SOURCE MATERIAL:
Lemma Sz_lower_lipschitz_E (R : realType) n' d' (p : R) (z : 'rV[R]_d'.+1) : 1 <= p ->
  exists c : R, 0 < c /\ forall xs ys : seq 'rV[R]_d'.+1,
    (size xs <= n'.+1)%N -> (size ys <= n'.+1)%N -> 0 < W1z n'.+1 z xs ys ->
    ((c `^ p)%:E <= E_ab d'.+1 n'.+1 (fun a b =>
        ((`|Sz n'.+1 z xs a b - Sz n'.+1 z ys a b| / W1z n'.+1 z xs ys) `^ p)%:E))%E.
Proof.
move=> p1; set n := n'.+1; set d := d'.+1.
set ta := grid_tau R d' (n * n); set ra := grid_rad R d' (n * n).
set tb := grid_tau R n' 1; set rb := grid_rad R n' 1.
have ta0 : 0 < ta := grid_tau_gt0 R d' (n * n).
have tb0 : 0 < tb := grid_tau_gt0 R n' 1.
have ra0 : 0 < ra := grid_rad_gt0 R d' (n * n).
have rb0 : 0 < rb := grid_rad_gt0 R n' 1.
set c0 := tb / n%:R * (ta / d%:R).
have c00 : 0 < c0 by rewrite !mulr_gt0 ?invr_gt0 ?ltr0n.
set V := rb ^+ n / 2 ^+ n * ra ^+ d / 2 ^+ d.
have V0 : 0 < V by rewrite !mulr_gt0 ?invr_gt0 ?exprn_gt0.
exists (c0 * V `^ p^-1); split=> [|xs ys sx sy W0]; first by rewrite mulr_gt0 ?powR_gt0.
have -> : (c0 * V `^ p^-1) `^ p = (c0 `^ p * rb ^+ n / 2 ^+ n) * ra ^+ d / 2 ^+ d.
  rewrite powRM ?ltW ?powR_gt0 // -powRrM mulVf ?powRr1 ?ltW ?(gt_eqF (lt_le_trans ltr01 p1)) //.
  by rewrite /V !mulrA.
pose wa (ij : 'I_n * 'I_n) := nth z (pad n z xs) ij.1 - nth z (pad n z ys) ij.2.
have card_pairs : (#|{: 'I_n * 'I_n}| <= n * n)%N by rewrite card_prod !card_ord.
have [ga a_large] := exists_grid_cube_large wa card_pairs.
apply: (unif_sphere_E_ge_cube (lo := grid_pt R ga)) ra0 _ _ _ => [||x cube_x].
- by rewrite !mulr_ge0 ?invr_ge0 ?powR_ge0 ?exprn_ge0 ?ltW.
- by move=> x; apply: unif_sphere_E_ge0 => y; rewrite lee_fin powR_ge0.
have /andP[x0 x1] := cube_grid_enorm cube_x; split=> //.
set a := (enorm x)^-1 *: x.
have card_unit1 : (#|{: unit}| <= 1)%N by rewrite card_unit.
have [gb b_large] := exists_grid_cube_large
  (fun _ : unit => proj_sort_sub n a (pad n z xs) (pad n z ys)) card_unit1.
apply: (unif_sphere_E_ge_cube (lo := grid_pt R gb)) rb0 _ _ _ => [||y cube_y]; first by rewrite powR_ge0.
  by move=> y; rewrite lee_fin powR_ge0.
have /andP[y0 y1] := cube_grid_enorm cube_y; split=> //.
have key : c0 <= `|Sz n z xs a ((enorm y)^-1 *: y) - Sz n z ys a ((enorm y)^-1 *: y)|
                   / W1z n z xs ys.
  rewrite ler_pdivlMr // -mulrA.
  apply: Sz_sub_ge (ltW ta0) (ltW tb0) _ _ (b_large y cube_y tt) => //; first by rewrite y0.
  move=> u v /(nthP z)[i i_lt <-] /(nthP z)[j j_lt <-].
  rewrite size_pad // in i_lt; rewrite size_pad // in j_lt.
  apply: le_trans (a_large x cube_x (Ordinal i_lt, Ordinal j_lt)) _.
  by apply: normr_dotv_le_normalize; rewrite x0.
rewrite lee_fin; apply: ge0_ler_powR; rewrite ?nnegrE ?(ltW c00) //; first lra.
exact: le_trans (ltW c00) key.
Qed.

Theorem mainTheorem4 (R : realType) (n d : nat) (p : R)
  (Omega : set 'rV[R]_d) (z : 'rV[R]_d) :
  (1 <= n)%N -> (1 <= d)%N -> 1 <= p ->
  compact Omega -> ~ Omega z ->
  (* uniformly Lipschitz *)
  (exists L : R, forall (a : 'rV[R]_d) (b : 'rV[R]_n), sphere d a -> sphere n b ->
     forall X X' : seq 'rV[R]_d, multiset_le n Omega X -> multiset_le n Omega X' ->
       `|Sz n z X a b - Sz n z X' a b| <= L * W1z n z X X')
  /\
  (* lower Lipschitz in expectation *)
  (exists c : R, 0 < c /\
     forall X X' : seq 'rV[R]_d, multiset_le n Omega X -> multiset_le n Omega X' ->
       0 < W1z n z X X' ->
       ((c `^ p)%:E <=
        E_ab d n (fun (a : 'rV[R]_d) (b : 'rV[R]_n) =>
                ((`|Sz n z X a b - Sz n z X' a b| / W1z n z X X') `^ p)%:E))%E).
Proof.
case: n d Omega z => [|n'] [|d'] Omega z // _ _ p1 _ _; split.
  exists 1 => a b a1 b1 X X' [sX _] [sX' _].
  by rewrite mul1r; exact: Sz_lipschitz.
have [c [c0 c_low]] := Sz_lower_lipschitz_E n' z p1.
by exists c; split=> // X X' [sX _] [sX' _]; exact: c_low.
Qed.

TASK TO CARRY OUT: Starting from the top of the records and ending at the line that contains "by rewrite card_unit.", repeat each line exactly and return only those lines.

RESPONSE TO THE EXERCISE:
Lemma Sz_lower_lipschitz_E (R : realType) n' d' (p : R) (z : 'rV[R]_d'.+1) : 1 <= p ->
  exists c : R, 0 < c /\ forall xs ys : seq 'rV[R]_d'.+1,
    (size xs <= n'.+1)%N -> (size ys <= n'.+1)%N -> 0 < W1z n'.+1 z xs ys ->
    ((c `^ p)%:E <= E_ab d'.+1 n'.+1 (fun a b =>
        ((`|Sz n'.+1 z xs a b - Sz n'.+1 z ys a b| / W1z n'.+1 z xs ys) `^ p)%:E))%E.
Proof.
move=> p1; set n := n'.+1; set d := d'.+1.
set ta := grid_tau R d' (n * n); set ra := grid_rad R d' (n * n).
set tb := grid_tau R n' 1; set rb := grid_rad R n' 1.
have ta0 : 0 < ta := grid_tau_gt0 R d' (n * n).
have tb0 : 0 < tb := grid_tau_gt0 R n' 1.
have ra0 : 0 < ra := grid_rad_gt0 R d' (n * n).
have rb0 : 0 < rb := grid_rad_gt0 R n' 1.
set c0 := tb / n%:R * (ta / d%:R).
have c00 : 0 < c0 by rewrite !mulr_gt0 ?invr_gt0 ?ltr0n.
set V := rb ^+ n / 2 ^+ n * ra ^+ d / 2 ^+ d.
have V0 : 0 < V by rewrite !mulr_gt0 ?invr_gt0 ?exprn_gt0.
exists (c0 * V `^ p^-1); split=> [|xs ys sx sy W0]; first by rewrite mulr_gt0 ?powR_gt0.
have -> : (c0 * V `^ p^-1) `^ p = (c0 `^ p * rb ^+ n / 2 ^+ n) * ra ^+ d / 2 ^+ d.
  rewrite powRM ?ltW ?powR_gt0 // -powRrM mulVf ?powRr1 ?ltW ?(gt_eqF (lt_le_trans ltr01 p1)) //.
  by rewrite /V !mulrA.
pose wa (ij : 'I_n * 'I_n) := nth z (pad n z xs) ij.1 - nth z (pad n z ys) ij.2.
have card_pairs : (#|{: 'I_n * 'I_n}| <= n * n)%N by rewrite card_prod !card_ord.
have [ga a_large] := exists_grid_cube_large wa card_pairs.
apply: (unif_sphere_E_ge_cube (lo := grid_pt R ga)) ra0 _ _ _ => [||x cube_x].
- by rewrite !mulr_ge0 ?invr_ge0 ?powR_ge0 ?exprn_ge0 ?ltW.
- by move=> x; apply: unif_sphere_E_ge0 => y; rewrite lee_fin powR_ge0.
have /andP[x0 x1] := cube_grid_enorm cube_x; split=> //.
set a := (enorm x)^-1 *: x.
have card_unit1 : (#|{: unit}| <= 1)%N by rewrite card_unit.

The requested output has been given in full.